In “The Journalist and the Murderer,” Janet Malcolm focuses on a libel suit between Jeffrey MacDonald, a convicted murderer, and the celebrity biographer he hired to write his story, as a way of examining the relationship between writer and subject. While writing this book, Malcolm was sued by one of her own subjects, Sanskrit scholar and erstwhile Freudian archivist Jeffrey Masson, who contended that Malcolm misquoted him in order to slander him. Perhaps Malcolm’s experience with Masson infused her writing with an extra dose of bitterness. In any event, in “The Journalist and the Murderer,” she sharply delineates the stakes for writer and subject:
Every journalist who is not too stupid or full of himself to notice what is going on knows that what he does is morally indefensible. He is a kind of confidence man, preying on people’s vanity, ignorance or loneliness, gaining their trust and betraying them without remorse.
But Malcolm also notes that, in general, subjects have just as many selfish motives and biases as writers: “Of course, at the bottom, no subject is naive. …[E]very subject of writing knows on some level what is in store for him and remains in the relationship anyway, impelled by something stronger than his reason.”
Journalists, Malcolm reminds us, never have any intention of writing their subjects’ autobiographies for them. The subjects, however, frequently do not know this until their stories appear in print, at which point they are often disappointed or resentful:
The catastrophe suffered by the subject is no simple matter of an unflattering likeness or misrepresentation of his view; what pains him, what rankles and sometimes drives him to extremes of vengefulness, is the deception that has been practiced on him.
Lauren Slater encountered similar trouble when writing about Harvard psychologist Jerome Kagan in her recent book, “Opening Skinner’s Box,” about the controversial work of the late Harvard psychologist B.F. Skinner. (Skinner was a champion of behaviorism, a school of psychology that attributes behavior to positive reinforcement —think Pavlov’s dog—and denies the existence of free will.) Kagan, a contemporary and colleague of Skinner’s and renowned in his own right as an expert on early childhood development, knew the behaviorist for years, so he was a natural choice for Slater to interview. When she asked Kagan if he believed that free will did, in fact, exist, he ducked under his desk. “I’m under my desk,” he shouted up to her. “I’ve never gotten under my desk before. Is this not an act of free will?”
When the book was published, Kagan, along with other subjects Slater had interviewed (including Skinner’s daughter Deborah), claimed that she had misrepresented him. Specifically, he denied that he had ever gotten under his desk. (When The New York Times subsequently questioned Slater about his allegations, she was able to produce an email in which Kagan seemed to acknowledge his unusual behavior.)

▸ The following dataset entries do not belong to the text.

(* Let $g:L_s\to[0,1]$ be a continuous encoding of $[0,1]$ with zero redundancy, and let $x_0\in[0,1]$ be a $g$-unary point with $g$-code $(c_n)$. For $x\neq x_0$ with a $g$-code $(\alpha_n(x))$, let $m=m(x)$ be the index such that $\alpha_m(x)\neq c_m$ and $\alpha_i(x)=c_i$ for all $i<m$. Then $x\to x_0$ if and only if $m\to\infty$; that is, for any sequence $(x_k)$ of points of $[0,1]\setminus\{x_0\}$ (each with a chosen $g$-code), $x_k\to x_0$ if and only if $m(x_k)\to\infty$.
   Context: $A_s=\{0,1,\dots,s-1\}$ ($s\ge2$) and $L_s=A_s\times A_s\times\cdots$ is the space of sequences over $A_s$. An encoding of $[0,1]$ is a surjective map $g:L_s\to[0,1]$; if $g((\alpha_n))=x$, $(\alpha_n)$ is a $g$-code of $x$. The $g$-cylinder of rank $m$ with base $c_1\dots c_m$ is $\Delta^g_{c_1\dots c_m}=\{g((c_1,\dots,c_m,\alpha_1,\alpha_2,\dots)):(\alpha_n)\in L_s\}$. The encoding has zero redundancy if every point has at most two $g$-codes and the set of points with two $g$-codes is at most countable; points with exactly one code are $g$-unary. The encoding is continuous if every $g$-cylinder is an interval and any two distinct cylinders of the same rank have no common interior points. *)

From Stdlib Require Import Reals Lra List.
Open Scope R_scope.

(* L_s: sequences over A_s = {0,...,s-1}, indexed from 0 (paper indexes from 1). *)
Definition valid_seq (s : nat) (a : nat -> nat) : Prop := forall n, (a n < s)%nat.

Definition valid_word (s : nat) (w : list nat) : Prop := Forall (fun d => (d < s)%nat) w.

Definition prepend (w : list nat) (a : nat -> nat) : nat -> nat :=
  fun n => if Nat.ltb n (length w) then nth n w 0%nat else a (n - length w)%nat.

Definition is_encoding (s : nat) (g : (nat -> nat) -> R) : Prop :=
  (forall a, valid_seq s a -> 0 <= g a <= 1) /\
  (forall x, 0 <= x <= 1 -> exists a, valid_seq s a /\ g a = x).

Definition is_code (s : nat) (g : (nat -> nat) -> R) (x : R) (a : nat -> nat) : Prop :=
  valid_seq s a /\ g a = x.

Definition cylinder (s : nat) (g : (nat -> nat) -> R) (w : list nat) : R -> Prop :=
  fun x => exists a, valid_seq s a /\ g (prepend w a) = x.

Definition is_interval (S : R -> Prop) : Prop :=
  forall x y z, S x -> S y -> x <= z <= y -> S z.
Lemma sum_fiber_weight xn zn :
  \sum_(yn : n.-tuple Y | map_tuple g yn == zn)
     \prod_(i < n) (P (tnth xn i) (tnth yn i) / q (tnth xn i) (g (tnth yn i)))
  = \prod_(i < n) a (tnth xn i) (tnth zn i).
Proof.
rewrite (eq_bigl (fun yn => [forall i, g (tnth yn i) == tnth zn i])); last first.
  move=> yn; apply/eqP/forallP => [<- i|gyn]; first by rewrite tnth_map.
  by apply: eq_from_tnth => i; rewrite tnth_map; exact/eqP.
rewrite (eq_bigr (fun yn => \prod_(i < n) (P (tnth xn i) (tnth yn i) / q (tnth xn i) (tnth zn i))));
  last by move=> yn /forallP gyn; apply: eq_bigr => i _; rewrite (eqP (gyn i)).
rewrite (sum_tuple_prod_cond (fun i y => g y == tnth zn i)
           (fun i y => P (tnth xn i) y / q (tnth xn i) (tnth zn i))).
by apply: eq_bigr => i _; rewrite /a /pxz mulr_suml.
Qed.

Lemma expect_kraft_ratio :
  \sum_(xn : n.-tuple X) \sum_(yn : n.-tuple Y)
     Pn P xn yn * (K xn (map_tuple g yn) / qn xn (map_tuple g yn)) <= 1.
Proof.
have PnK xn yn : Pn P xn yn * (K xn (map_tuple g yn) / qn xn (map_tuple g yn)) =
    K xn (map_tuple g yn) *
    \prod_(i < n) (P (tnth xn i) (tnth yn i) / q (tnth xn i) (g (tnth yn i))).
  rewrite mulrCA prodf_div; congr (_ * (_ / _)).
  by apply: eq_bigr => i _; rewrite tnth_map.
under eq_bigr do under eq_bigr do rewrite PnK.
have by_fiber xn :
    \sum_(yn : n.-tuple Y) K xn (map_tuple g yn) *
      \prod_(i < n) (P (tnth xn i) (tnth yn i) / q (tnth xn i) (g (tnth yn i)))
    = \sum_(zn : n.-tuple Z) K xn zn * \prod_(i < n) a (tnth xn i) (tnth zn i).
  rewrite (partition_big (map_tuple g) predT) //=; apply: eq_bigr => zn _.
  rewrite -sum_fiber_weight mulr_sumr; apply: eq_bigr => yn /eqP gyn.
  by rewrite gyn.
under eq_bigr do rewrite by_fiber.
rewrite exchange_big /=; apply: le_trans (ler_sum _ (fun zn _ => sum_enc_weight zn)) _.
by rewrite (sum_tuple_prod (fun _ => pz P g)) big1 // => i _; exact: pz_sum1.
Qed.
Lemma reach_neq i j x y z : i <= k -> j <= k -> i != j ->
  y \in reach i x -> z \in reach j x -> y != z.
Proof.
move=> ik jk ij yi zj; apply: contraNneq ij => yz.
by rewrite yz in yi; rewrite (reach_inj ik jk yi zj).
Qed.

Lemma parent_notin_ball w c : e w c -> w \notin ball k c.
Proof.
move=> wc; apply/ballP => -[i ik ci].
have wi : w \in reach i.+1 w by apply/reachS; exists c.
by have := reach_inj (leq0n k) ik (set11 w) wi.
Qed.

Lemma ball_children_disjoint w c c' y :
  e w c -> e w c' -> c != c' -> y \in ball k c -> y \notin ball k c'.
Proof.
move=> wc wc' cc' /ballP[i ik yi]; apply/ballP => -[j jk yj].
by rewrite (reach_first_arc_inj ik jk wc wc' yi yj) eqxx in cc'.
Qed.

Lemma ball_reach_disjoint j x : j <= k -> [disjoint ball j x & reach j x].
Proof.
move=> jk; rewrite disjoints_subset; apply/subsetP => y /ballP[i ij yi].
rewrite inE; apply/negP => yj.
have eij := reach_inj (ltnW (leq_trans ij jk)) jk yi yj.
by rewrite eij ltnn in ij.
Qed.

Hypothesis reg : diregular e 2.

Lemma outN2_neq x a b : outN e x = [set a; b] -> a != b.
Proof. by move=> Hx; have := (reg x).1; rewrite Hx cards2; case: (a != b). Qed.

Lemma other_out_arc x y : exists2 z, e x z & z != y.
Proof.
have : 0 < #|outN e x :\ y|.
  by have := cardsD1 y (outN e x); rewrite (reg x).1; case: (y \in _) => /=; lia.
by case/card_gt0P => z; rewrite !inE => /andP[zy xz]; exists z.
Qed.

Who is in the wrong here? That question is not easily answered. Ultimately, Kagan was as motivated to defend his professional views on psychology—not to mention the dignity of his public persona—as Slater was to get her story. Ultimately, the communication between subject and writer is always a double-edged sword. While writers have considerable editorial power, their subjects invariably have impressive agendas of their own and the ability to derail communication or refuse to share information. The final responsibility, however, is the writer’s: He or she is the one to reproduce the information provided by the subject for an audience. We can’t know for certain what occurred or what was said in Slater’s interview with Kagan; instead we are reliant on Slater’s account of the events.
The question then is what impels the writer. Malcolm maintains that journalists justify their dominance by invoking the phrases “freedom of speech” and “the public’s right to know,” their commitment to journalism as an art form, and—more simply—their own need to survive professionally. Another common, morally defensible answer is that one person’s truth is better than no truth at all. Nonetheless, writers have an ethical responsibility to consider the ways in which their stories may continue to affect their subjects’ lives, even long after publication.